I'm making dirt tracks for my 28mm wargaming using only acrylic decorator's caulk.  I'm following a post I came across from back in 2012 by Brian on The Warbard which you can see here.  My thanks to Brian for commenting on my posts so far, and the helpful advice of Pat Smith (he of Wargaming with Silver Whistle).  You can read their comments at the bottom of my blog posts.  

So this post is all about how I went about painting and flocking my dirt road sections.  
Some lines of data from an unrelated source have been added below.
Theorem lemma3p3 (R : realType) (mu : probability R R) :
  ~ is_dirac mu ->
  forall nu : probability R R,
    (d_Ku mu nu = 1%E /\ ~ is_dirac nu) <->
    (~ is_dirac nu /\
      (nu (~` conv_hull (C_of mu)) = 1%E \/
       exists I, bounded_component (N_of mu) I /\ nu I = 1%E)).
Proof.
move=> ndmu nu; split=> [[d1 ndnu]|[ndnu nu1]]; split=> //.
  have [sep|sep] := forall_gt0_or (@eps_separated_le _ mu nu)
    (@eps_separated_le _ nu mu) (d_Ku1_eps_separated d1).
    apply: null_interval_prob1_cases (mass_hull_null sep) (mass_hull_prob1 nu).
    apply: nd_interval_prob1 (mass_hull_prob1 nu) ndnu.
    exact: is_interval_mass_hull.
  left; apply: (probability_subset1 _ _
    (subsetC (conv_hull_C_sub_mass_hull (mu := mu)))).
  - by apply: measurableC; exact: measurable_mass_hull.
  - by apply: measurableC; exact: measurable_conv_hull.
  - apply/probability_setC_eq1; first exact: measurable_mass_hull.
    exact: mass_hull_null.
case: nu1 => [nuC|[K [[x [_ [-> _]]] nuK]]].
  have muC := conv_hull_C_prob1 mu.
  have iC : is_interval (conv_hull (C_of mu)) by exact: is_interval_conv_hull.
  apply: (d_Ku_eq1 (nd_interval_prob1 iC muC ndmu)).
  move/probability_setC_eq1: nuC => /(_ (measurable_conv_hull _)) ->.
  by rewrite muC sube0 abse1.
have iK : is_interval (connected_component (N_of mu) x).
  exact: is_interval_connected_component.
apply: (d_Ku_eq1 (nd_interval_prob1 iK nuK ndnu)).
by rewrite N_of_component_null nuK sub0e abseN abse1.
Qed.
The first thing I did was to paint the edges of the undersides of my sections.  You wouldn't need to do this if you use a brown caulk.  I didn't and so wanted to make sure that no white was visible.  This took to coats.  The caulk was rather shiny in comparison to the upper surface, due in no small part to how smooth they were.  You can see in the next photo the difference adding a second coat does to them.  
With this done to all the sections, left them to dry thoroughly before turning them the right way up and applying the same brown paint.  I'm using Cinnamon Brown Crafter's Acrylic from Decoart.  It's a 236ml / 8 US fl. oz. tube of paint that cost less than a pot of Vallejo paint.  I gave each section a generous coat of paint.  Truth be told, I squeezed out a large amount of paint onto the piece I was working on and then worked it in with my brush.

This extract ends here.